For now, I think it's a must that, just as we did with forms, we take a 
look at the various approaches and choose one to follow and ignore the 
other ones.

I think the repository block is the best effort, but it needs 
substantial redesign.

                                          - o -

First of all, let me introduce what I mean with a "repository".

A repository is a place where I store my content.

Functionality I need is:

  1) open/save document
  2) create collection of documents
  3) attach metadata to documents (externally to them!!)
  4) query the repository against document metadata
  5) versioning (autoversioning on saving and version update)

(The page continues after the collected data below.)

Lemma edge_graph_enum_adj_iso (G : fgraph) (x0 : vert G) n : #|vert G| = n ->
  isomorphic (edge_graph n (rel_edges (enum_adj x0) n)) G.
Proof.
move=> cardG; have size_enum : size (enum (vert G)) = n by rewrite -cardE.
exists (fun i : 'I_n => nth x0 (enum (vert G)) i); split.
  apply: inj_card_bij => [i j /eqP|]; last by rewrite card_ord cardG.
  by rewrite nth_uniq ?size_enum ?enum_uniq // => /eqP /val_inj.
move=> i j /=; rewrite edge_adj_rel_edges ?ltn_ord //.
  by move=> x y; apply: adj_sym.
by move=> x; apply: adj_irr.
Qed.

Lemma at_least_classes_leq k m P : k <= m -> at_least_classes m P -> at_least_classes k P.
Proof.
move=> le_km [F [FP F_noniso]]; exists (fun i => F (widen_ord le_km i)); split=> // i j neq_ij.
by apply: F_noniso; apply: contra neq_ij => /eqP /(congr1 val) /= /eqP.
Qed.

Lemma at_least_classes_edge_graphs n (graphs : seq (seq (nat * nat))) (c : seq int) :
  0 < n ->
  all (has_lower_neighbours n) graphs ->
  all (fun es => edge_indep_coefs n es == c ++ nseq (n.+1 - size c) 0%R) graphs ->
  pairwise (fun p1 p2 => ~~ perm_eq p1 p2) (map (edge_profiles n) graphs) ->
  at_least_classes (size graphs) (Poly c).
Proof.
move=> n_gt0 /allP connected /allP coefs /(pairwiseP [::]) distinct.
exists (fun i : 'I_(size graphs) => edge_graph n (nth [::] graphs i)); split.
  move=> i; have graph_i := mem_nth [::] (ltn_ord i); split.
    exact: edge_graph_connected (connected _ graph_i).
  exact/edge_graph_indep_poly/eqP/coefs.
have noniso (i j : 'I_(size graphs)) : i < j ->
    ~~ perm_eq (edge_profiles n (nth [::] graphs i)) (edge_profiles n (nth [::] graphs j)).
  by move=> lt_ij; have := distinct i j; rewrite !inE size_map !ltn_ord !(nth_map [::]) //; apply.
move=> i j neq_ij /profiles_iso; rewrite !edge_graph_profiles; apply/negP.
have [lt_ij | lt_ji | eq_ij] := ltngtP i j; last by rewrite (val_inj eq_ij) eqxx in neq_ij.
  exact: noniso.
by rewrite perm_sym; apply: noniso.
Qed.

Definition path4_edges : seq (nat * nat) := [:: (0, 1); (1, 2); (2, 3)].

(* [mask m (lt_pairs 4)] ranges over the edge sets of the 64 labelled graphs on
   4 vertices. *)
Lemma path4_relabelling (m : seq bool) es : size m = 6 -> es = mask m (lt_pairs 4) ->
  [&& edge_indep_count 4 es 2 == 3, edge_indep_count 4 es 3 == 0 & no_isolated 4 es] ==>
  has (relabels_edges 4 es path4_edges) (permutations (iota 0 4)).
Proof.
case: m => [|b1 [|b2 [|b3 [|b4 [|b5 [|b6 [|? ?]]]]]]] // _ ->.
by case: b1; case: b2; case: b3; case: b4; case: b5; case: b6; vm_compute.
Qed.

Lemma P1E : P1 = Poly [:: 1; 12; 9]%R.
Proof.
by apply/polyP => -[|[|[|[|i]]]];
  rewrite coef_Poly !coefD !coefZ coef1 coefX !coefXn /= ?nth_nil.
Qed.

Lemma P2E : P2 = Poly [:: 1; 4; 3]%R.
Proof.
by apply/polyP => -[|[|[|[|i]]]];
  rewrite coef_Poly !coefD !coefZ coef1 coefX !coefXn /= ?nth_nil.
Qed.

Lemma P3E : P3 = Poly [:: 1; 8; 8]%R.
Proof.
by apply/polyP => -[|[|[|[|i]]]];
  rewrite coef_Poly !coefD !coefZ coef1 coefX !coefXn /= ?nth_nil.
Qed.

Lemma P4E : P4 = Poly [:: 1; 15; 45; 27]%R.
Proof.
by apply/polyP => -[|[|[|[|i]]]];
  rewrite coef_Poly !coefD !coefZ coef1 coefX !coefXn /= ?nth_nil.
Qed.

Lemma P5E : P5 = Poly [:: 1; 13; 21; 9]%R.
Proof.
by apply/polyP => -[|[|[|[|i]]]];
  rewrite coef_Poly !coefD !coefZ coef1 coefX !coefXn /= ?nth_nil.
Qed.

Lemma connected_P2_iso_path4 (G : fgraph) :
  connected_graph G -> indep_poly G = P2 -> isomorphic G (edge_graph 4 path4_edges).
Proof.
move=> connG polyG.
have count_coef i : i <= #|vert G| -> Posz (indep_count G i) = (P2`_i)%R.
  by move=> le_i; rewrite -polyG coef_poly ltnS le_i.
have cardG : #|vert G| = 4.
  by have := count_coef 1 (proj1 connG); rewrite indep_count1 P2E coef_Poly => -[].
have [count2 count3] : indep_count G 2 = 3 /\ indep_count G 3 = 0.
  by split; apply/eqP; rewrite -eqz_nat count_coef ?cardG // P2E coef_Poly.
have /card_gt0P [x0 _] : 0 < #|vert G| by rewrite cardG.
have isoHG := edge_graph_enum_adj_iso x0 cardG; set es := rel_edges _ 4 in isoHG.
have count_H k : edge_indep_count 4 es k = indep_count G k.
  by rewrite -edge_graph_indep_count (indep_count_iso _ isoHG).
have /implyP := path4_relabelling (size_map _ (lt_pairs 4)) (filter_mask _ _ : es = _).
rewrite !count_H count2 count3 edge_graph_no_isolated //; last first.
  exact: connected_iso (isomorphic_sym isoHG) connG.
case/(_ isT)/hasP => p; rewrite mem_permutations => perm_p relabel.
exact: isomorphic_trans (isomorphic_sym isoHG) (edge_graph_iso perm_p relabel).
Qed.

how all these functionalities are implemented should *NOT* be my 
concern, nor I want it to be when I'm using the repository.

The linotype repository uses this design, while the one in the 
repository block does not.

Why not? well, it's fully based on sources and tries to obtain the 
above functionalities from the source abstractions. This means that the 
contract is not on the API but on the source URL.... but this also 
means that we cannot fully separate concerns since it's the driver of 
the repository who chooses which source the repository needs to write 
on.

I strongly dislike this design because I think it got it all backwards: 
it should be the Repository to implement Source and give source access 
to those components who want to access content (say a FileGenerator or 
even a TraxTransformer)

I looked into the repository block and I find a *lot* of things 
(locking, permissions, properties) that look very much like a 
duplication of effort. The Slide project spent years optimizing and 
polishing issues like transactionality and locking, do you really want 
to implement a layer to "emulate" those things in case the given source 
is not capable of handling it itself?

I think a much better approach would be to come up with a

  Repository.java

interface and a few implementations that I can choose when I install 
cocoon. This implementation would also implement Source.java and 
provide its functionality thru a URL protocol.

This allows:

  - clear separation of concerns: cocoon should *NOT* be doing 
repository stuff, which is already big and complex enough

  - complete IoC: you choose the implementation and the implementation 
decides what to do and how to do it. Your contract remains the same 
(thru the source-provided URL protocol and thru the component 
interface)

  - transparent polymorphism: you can have different implementations of 
a repository... file system, webdav, CVS, JCR, ... without having to 
change any code in your application

Thoughts?

--
Stefano.

Re: [RT] Converging the repository concept in cocoon

Posted by Guido Casper <gc...@s-und-n.de>.

Stefano Mazzocchi wrote:
> On 1 Dec 2003, at 10:35, Guido Casper wrote:
>
>> The challenge is to find the right balance.
>
> That's *always* tough. On anything. ;-)

Very true.
This reminds me (again) of Rickard Öberg's second principle for making
software frameworks:
"If you make a decision, be sure that it counts"
leaving me wondering what that particularly has to do with software :-)

Guido

Re: [RT] Converging the repository concept in cocoon

Posted by Stefano Mazzocchi <st...@apache.org>.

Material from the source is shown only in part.